In a previous paper 1 , we proposed a lossless image compression algorithm called Context Copy Combinatorial Coding (C4), specifically tailored to compress layout images for application to maskless lithography. C4 combines the advantages of LZ-copying, which works well for compressing repetitive circuits such as memory cells, and JBIG context-based modeling, which works well for compressing non-repetitive circuits such as control logic. Consequently, C4 is a single compression technique which performs well for all types of layout: repetitive, non-repetitive, or a heterogeneous mix of both. Compression results show that C4 outperforms JBIG, ZIP, BZIP2, and 2D-LZ, and achieves lossless compression ratios greater than 22 for binary layout image data, and greater than 14 for grey-pixel image data, which is within range of feasibility of our original design. Figure 1 . System architecture of a data-delivery system for maskless lithography For our application to direct-write maskless lithography, the C4 decoding algorithm must also be implemented in hardware as a parallel array of thousands of C4 decoders fabricated on the same integrated-circuit chip as a massively parallel array of writers 3 . To meet this challenge, we present several improvements to C4 which lower its implementation complexity, reduce buffer usage, and improve the compression efficiency of C4 with limited buffering. In addition, we take the first steps towards an ASIC implementation of C4, by breaking down the C4 decoder algorithm into functional blocks, and refining each block, step-by-step.

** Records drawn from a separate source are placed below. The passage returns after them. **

(* Let $G$ be a twin-free unit square graph, let $\mathcal{P}$ be a clique-stable partition of $V(G)$, and let $f$ be a realization of $G$. Then: (1) For each $X\in\mathcal{P}$ there is $b\in\{-1,1\}$ such that for all $v,w\in X$: $f(v)_1\le f(w)_1 \iff b\,f(v)_2\le b\,f(w)_2$. Call such $b$ the orientation $\mathrm{ori}_{G,f}(X)$ (it is unique if $|X|\ge2$; set $\mathrm{ori}_{G,f}(X)=1$ if $|X|=1$). (2) If $X,Y\in\mathcal{P}$ with $\mathrm{ori}_{G,f}(X)\ne\mathrm{ori}_{G,f}(Y)$, then either $xy\in E(G)$ for all $x\in X,y\in Y$, or $xy\notin E(G)$ for all $x\in X,y\in Y$. (3) Let $X\ne Y\in\mathcal{P}$ with $\mathrm{ori}_{G,f}(X)=\mathrm{ori}_{G,f}(Y)$ and let $k=|\{(x,y)\in X\times Y\mid xy\in E(G)\}|\ge1$. Write $X=\{x_1,\dots,x_s\}$ with $f(x_i)_1\le f(x_{i+1})_1$ for all $i<s$ and $Y=\{y_1,\dots,y_t\}$ with $f(y_j)_1\le f(y_{j+1})_1$ for all $j<t$. Then for all $i\in[s],j\in[t]$: $x_iy_j\in E(G)\iff \lceil it/k\rceil=\lceil js/k\rceil$.
   Context: A realization of $G$ is $f\colon V(G)\to\mathbb{R}^2$ with $vw\in E(G)$ iff $\|f(v)-f(w)\|_\infty\le1$ for distinct $v,w$; a unit square graph is a graph with a realization. $G$ is twin-free if there are no distinct $v,w$ with $N[v]=N[w]$. $\mathcal{M}(G)$ is the set of maximal cliques. $G^*_{\mathcal{M}}$ is the graph on $V(G)\sqcup\mathcal{M}(G)$ with edge set $E(G)\cup\{vC\mid C\in\mathcal{M}(G),v\in C\}$. A partition $\mathcal{Q}$ of the vertex set of a graph $H$ is stable if for all $X,Y\in\mathcal{Q}$ and $v,w\in X$, $|N_H(v)\cap Y|=|N_H(w)\cap Y|$. A partition $\mathcal{P}$ of $V(G)$ into cliques is clique-stable if, letting $\mathcal{P}^*$ be the coarsest partition of $V(G)\cup\mathcal{M}(G)$ that is stable with respect to $G^*_{\mathcal{M}}$ and refines $\mathcal{P}\cup\{\mathcal{M}(G)\}$, one has $\{Z\in\mathcal{P}^*\mid Z\subseteq V(G)\}=\mathcal{P}$. *)

From HB Require Import structures.
From mathcomp Require Import all_boot.
From Stdlib Require Import Reals.
Set Implicit Arguments. Unset Strict Implicit. Unset Printing Implicit Defensive.
(* A morphism $(f,\varphi):(X_1,\kappa_1,A_1)\to(X_2,\kappa_2,A_2)$ of $\mathbf{Sys}(L)$ is a monomorphism in $\mathbf{Sys}(L)$ if and only if the map $f:X_1\to X_2$ is injective and the homomorphism $\varphi:A_2\to A_1$ is an epimorphism in $\mathbf{A}$ (i.e. $(f,\varphi)$ is a monomorphism in $\mathbf{Set}\times\mathbf{A}^{op}$).
   Context: Fix a variety $\mathbf{A}$ of algebras (full subcategory of the category of $\Omega$-algebras and homomorphisms closed under products, subalgebras and homomorphic images); standing assumptions of the paper: $\mathbf{A}$ has set-indexed coproducts and a free algebra over a singleton. Fix an $\mathbf{A}$-algebra $L$; $L^X$ is the power algebra (so $L^{\varnothing}$ is a one-element algebra). An affine system is $(X,\kappa,A)$ with $X$ a set, $A$ an algebra, $\kappa:A\to L^X$ a homomorphism; a morphism $(f,\varphi):(X_1,\kappa_1,A_1)\to(X_2,\kappa_2,A_2)$ is a map $f:X_1\to X_2$ with a homomorphism $\varphi:A_2\to A_1$ such that $\kappa_1(\varphi(a))(x)=\kappa_2(a)(f(x))$ for all $a\in A_2,x\in X_1$; composition $(g,\psi)\circ(f,\varphi)=(g\circ f,\varphi\circ\psi)$. This category is $\mathbf{Sys}(L)$. *)

From Stdlib Require Fin.

Set Implicit Arguments.

Record Signature := {
  op : Type;
  arity : op -> nat
}.

Record Alg (S : Signature) := {
  carrier :> Type;
  ops : forall o : op S, (Fin.t (arity S o) -> carrier) -> carrier
}.
Arguments ops {S} a o args.

Record Hom (S : Signature) (A B : Alg S) := {
  hfun :> A -> B;
  hfun_ops : forall (o : op S) (args : Fin.t (arity S o) -> A),
      hfun (ops A o args) = ops B o (fun i => hfun (args i))
}.

Definition hom_comp (S : Signature) (A B C : Alg S) (g : Hom B C) (f : Hom A B)
  : Hom A C.
Proof.
  refine {| hfun := fun x => g (f x) |}.
  intros o args. rewrite (hfun_ops f), (hfun_ops g). reflexivity.
Defined.

Definition prod_alg (S : Signature) (I : Type) (F : I -> Alg S) : Alg S :=
  {| carrier := forall i, F i;
     ops := fun o args i => ops (F i) o (fun k => args k i) |}.

Arguments Alg : clear implicits.
Definition op_closed (S : Signature) (A : Alg S) (P : A -> Prop) : Prop :=
  forall (o : op S) (args : Fin.t (arity S o) -> A),
    (forall k, P (args k)) -> P (ops A o args).

Definition sub_alg (S : Signature) (A : Alg S) (P : A -> Prop)
  (HP : op_closed A P) : Alg S :=
  {| carrier := { x : A | P x };
     ops := fun o args =>
       exist _ (ops A o (fun k => proj1_sig (args k)))
             (HP o _ (fun k => proj2_sig (args k))) |}.

Record Variety (S : Signature) := {
  inV :> Alg S -> Prop;
  V_prod : forall (I : Type) (F : I -> Alg S),
      (forall i, inV (F i)) -> inV (prod_alg F);
  V_sub : forall (A : Alg S) (P : A -> Prop) (HP : op_closed A P),
      inV A -> inV (sub_alg HP);
  V_hom_image : forall (A B : Alg S) (h : Hom A B),
      inV A -> (forall b : B, exists a : A, h a = b) -> inV B
}.

Definition has_coproducts (S : Signature) (V : Variety S) : Prop :=
  forall (I : Type) (F : I -> Alg S), (forall i, V (F i)) ->
  exists (C : Alg S) (inj : forall i, Hom (F i) C),
    V C /\
    forall (B : Alg S), V B -> forall (g : forall i, Hom (F i) B),
      exists u : Hom C B,
        (forall i x, u (inj i x) = g i x) /\
        (forall u' : Hom C B, (forall i x, u' (inj i x) = g i x) ->
                              forall c, u' c = u c).

Definition has_free_singleton (S : Signature) (V : Variety S) : Prop :=
  exists (F : Alg S) (gen : F),
    V F /\
    forall (B : Alg S), V B -> forall b : B,
      exists u : Hom F B, u gen = b /\
        (forall u' : Hom F B, u' gen = b -> forall c, u' c = u c).

Definition is_epi (S : Signature) (V : Variety S) (A B : Alg S) (phi : Hom A B)
  : Prop :=
  forall (C : Alg S), V C -> forall u v : Hom B C,
    (forall a, u (phi a) = v (phi a)) -> forall b, u b = v b.

Definition pow_alg (S : Signature) (L : Alg S) (X : Type) : Alg S :=
  prod_alg (fun _ : X => L).

Record System (S : Signature) (V : Variety S) (L : Alg S) := {
  sX : Type;
  sA : Alg S;
  sA_in : V sA;
  skappa : Hom sA (pow_alg L sX)
}.

Record SysMor (S : Signature) (V : Variety S) (L : Alg S)
  (T1 T2 : System V L) := {
  mf : sX T1 -> sX T2;
  mphi : Hom (sA T2) (sA T1);
  m_compat : forall (a : sA T2) (x : sX T1),
      skappa T1 (mphi a) x = skappa T2 a (mf x)
}.

Definition sysmor_comp (S : Signature) (V : Variety S) (L : Alg S)
  (T1 T2 T3 : System V L) (g : SysMor T2 T3) (f : SysMor T1 T2)
  : SysMor T1 T3.
Proof.
  refine {| mf := fun x => mf g (mf f x);
            mphi := hom_comp (mphi f) (mphi g) |}.
  intros a x. simpl. rewrite (m_compat f), (m_compat g). reflexivity.
Defined.

Definition sysmor_eq (S : Signature) (V : Variety S) (L : Alg S)
  (T1 T2 : System V L) (f g : SysMor T1 T2) : Prop :=
  (forall x, mf f x = mf g x) /\ (forall a, mphi f a = mphi g a).

Definition sys_mono (S : Signature) (V : Variety S) (L : Alg S)
  (T1 T2 : System V L) (m : SysMor T1 T2) : Prop :=
  forall (T0 : System V L) (g h : SysMor T0 T1),
    sysmor_eq (sysmor_comp m g) (sysmor_comp m h) -> sysmor_eq g h.

(* A monomorphism [m] is tested against systems with at most one point.
   A system with one point and algebra [L] has, as morphisms into [T1], exactly
   the evaluations of [skappa T1] at points of [T1], so cancellability of [m]
   forces [mf m] to be injective.  A system with no points imposes no
   compatibility condition, so its morphisms into [T1] are just homomorphisms
   out of [sA T1], and cancellability of [m] is then the epimorphism property
   of [mphi m]. *)
From Stdlib Require Import FunctionalExtensionality.
Set Implicit Arguments.

Definition const_hom (S : Signature) (L : Alg S) : Hom L (pow_alg L unit).
Proof.
  refine {| hfun := (fun (l : L) (_ : unit) => l) : L -> pow_alg L unit |}.
  reflexivity.
Defined.

Definition empty_hom (S : Signature) (L C : Alg S) : Hom C (pow_alg L Empty_set).
Proof.
  refine {| hfun := (fun _ (e : Empty_set) => match e return L with end)
                    : C -> pow_alg L Empty_set |}.
  intros o args. apply functional_extensionality_dep. intros [].
Defined.

Definition eval_hom (S : Signature) (L A : Alg S) (X : Type)
  (k : Hom A (pow_alg L X)) (x : X) : Hom A L.
Proof.
  refine {| hfun := fun a => k a x |}.
  intros o args. rewrite (hfun_ops k). reflexivity.
Defined.

Section SysMono.

Variables (S : Signature) (V : Variety S) (L : Alg S).

Definition point_system (HL : V L) : System V L :=
  {| sX := unit; sA := L; sA_in := HL; skappa := const_hom L |}.

Definition empty_system {C : Alg S} (HC : V C) : System V L :=
  {| sX := Empty_set; sA := C; sA_in := HC; skappa := empty_hom L C |}.

Definition point_mor (HL : V L) (T : System V L) (x : sX T)
  : SysMor (point_system HL) T :=
  @Build_SysMor S V L (point_system HL) T (fun _ => x) (eval_hom (skappa T) x)
    (fun _ _ => eq_refl).

Definition empty_mor {C : Alg S} (HC : V C) (T : System V L) (u : Hom (sA T) C)
  : SysMor (empty_system HC) T :=
  @Build_SysMor S V L (empty_system HC) T (fun e => match e with end) u
    (fun _ e => match e with end).

Variables (T1 T2 : System V L) (m : SysMor T1 T2).

Lemma sys_mono_mf_inj (HL : V L) :
  sys_mono m -> forall x y, mf m x = mf m y -> x = y.
Proof.
  intros Hm x y Hxy.
  assert (Hcomp : sysmor_eq (sysmor_comp m (point_mor HL T1 x))
                            (sysmor_comp m (point_mor HL T1 y))).
  { split; simpl.
    - intros _. exact Hxy.
    - intros a. rewrite !(m_compat m), Hxy. reflexivity. }
  exact (proj1 (Hm _ _ _ Hcomp) tt).
Qed.

Lemma sys_mono_mphi_epi : sys_mono m -> is_epi V (mphi m).
Proof.
  intros Hm C HC u v Huv.
  assert (Hcomp : sysmor_eq (sysmor_comp m (empty_mor HC T1 u))
                            (sysmor_comp m (empty_mor HC T1 v))).
  { split; simpl.
    - intros [].
    - exact Huv. }
  exact (proj2 (Hm _ _ _ Hcomp)).
Qed.

Lemma mf_inj_mphi_epi_sys_mono :
  (forall x y, mf m x = mf m y -> x = y) -> is_epi V (mphi m) -> sys_mono m.
Proof.
  intros Hinj Hepi T0 g h [Hf Hphi]. split.
  - intros x. exact (Hinj _ _ (Hf x)).
  - exact (Hepi _ (sA_in T0) (mphi g) (mphi h) Hphi).
Qed.

End SysMono.

Theorem proposition7 (S : Signature) (V : Variety S)
  (Hcoprod : has_coproducts V) (Hfree : has_free_singleton V)
  (L : Alg S) (HL : V L)
  (T1 T2 : System V L) (m : SysMor T1 T2) :
  sys_mono m <->
  ((forall x y : sX T1, mf m x = mf m y -> x = y) /\ is_epi V (mphi m)).
Proof.
  split.
  - intros Hm. split.
    + exact (sys_mono_mf_inj HL Hm).
    + exact (sys_mono_mphi_epi Hm).
  - intros [Hinj Hepi]. exact (mf_inj_mphi_epi_sys_mono Hinj Hepi).
Qed.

In Section 2 we present an overview of the binary C4 algorithm. In Section 3, we propose a slight modification to the basic algorithm in order to accommodate copy errors. Although this is a small change, it has a large effect on compression efficiency. In Section 4, we discuss the complexity issues related to extending C4 to compress grey-level pixels through binarization. In Section 5, we introduce linear prediction as a more elegant alternative for extending C4 to grey-pixels, entirely avoiding the implementation issues of binarization. In Section 6, we introduce buffer compression, as a means of reducing decoder buffer usage. In Section 7, we present simulation results to update the compression/decoder buffer tradeoff results reflecting these changes to C4: copy error, linear prediction, and buffer compression. In Section 8, we describe the breakdown of C4 into functional blocks, identifying the most challenging blocks for implementation, and further refining those blocks.
OVERVIEW OF BINARY C4
The basic concept underlying C4 compression is to integrate the advantages of two disparate compression techniques: local context-based prediction, and LZ-style copying. This is accomplished by automatic segmentation of the image into copy regions and prediction regions. Each pixel inside a copy region is copied from a pixel preceding it in raster-scan order. Each pixel inside a prediction region, i.e. not contained in any copy region, is predicted from its local context. In the original C4 1 , copied pixels are required to be correct, whereas predicted pixels may have prediction errors. The positions of these errors are specified by error bits, where "0" indicates a correct prediction, and "1" indicates an error. These error bits are then compressed using Hierarchical Combinatorial Coding (HCC), a low-complexity alternative to arithmetic coding, proposed by us in recent years 2 . If the frequency of error "1" is low, then HCC achieves a high compression ratio.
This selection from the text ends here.